Collected data entries
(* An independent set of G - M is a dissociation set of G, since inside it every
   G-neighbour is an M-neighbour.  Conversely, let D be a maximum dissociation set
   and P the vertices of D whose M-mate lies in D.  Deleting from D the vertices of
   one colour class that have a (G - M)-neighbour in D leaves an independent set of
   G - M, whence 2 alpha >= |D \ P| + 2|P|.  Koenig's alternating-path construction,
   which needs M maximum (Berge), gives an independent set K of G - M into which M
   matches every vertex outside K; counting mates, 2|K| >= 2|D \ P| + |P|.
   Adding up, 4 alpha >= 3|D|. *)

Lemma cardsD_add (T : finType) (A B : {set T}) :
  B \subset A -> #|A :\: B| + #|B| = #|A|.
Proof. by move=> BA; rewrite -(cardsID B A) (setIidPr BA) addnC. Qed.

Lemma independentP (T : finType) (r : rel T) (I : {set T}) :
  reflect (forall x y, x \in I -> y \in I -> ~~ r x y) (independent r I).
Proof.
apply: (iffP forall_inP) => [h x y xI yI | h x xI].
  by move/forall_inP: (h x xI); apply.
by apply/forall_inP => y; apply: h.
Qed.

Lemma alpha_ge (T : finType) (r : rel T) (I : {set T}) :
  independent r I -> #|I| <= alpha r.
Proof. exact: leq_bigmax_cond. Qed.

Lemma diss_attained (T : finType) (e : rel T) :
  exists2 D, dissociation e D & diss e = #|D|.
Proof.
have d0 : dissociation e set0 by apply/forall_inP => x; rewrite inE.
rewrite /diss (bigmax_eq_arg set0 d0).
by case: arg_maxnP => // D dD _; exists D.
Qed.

*TO DO:* With the line holding "G - M, whence" as the first and the line holding "Proof. by move=>" as the last, set down that range of the entries above exactly, and nothing else.

*RESULT FOR THIS EXERCISE:*
   G - M, whence 2 alpha >= |D \ P| + 2|P|.  Koenig's alternating-path construction,
   which needs M maximum (Berge), gives an independent set K of G - M into which M
   matches every vertex outside K; counting mates, 2|K| >= 2|D \ P| + |P|.
   Adding up, 4 alpha >= 3|D|. *)

Lemma cardsD_add (T : finType) (A B : {set T}) :
  B \subset A -> #|A :\: B| + #|B| = #|A|.
Proof. by move=> BA; rewrite -(cardsID B A) (setIidPr BA) addnC. Qed.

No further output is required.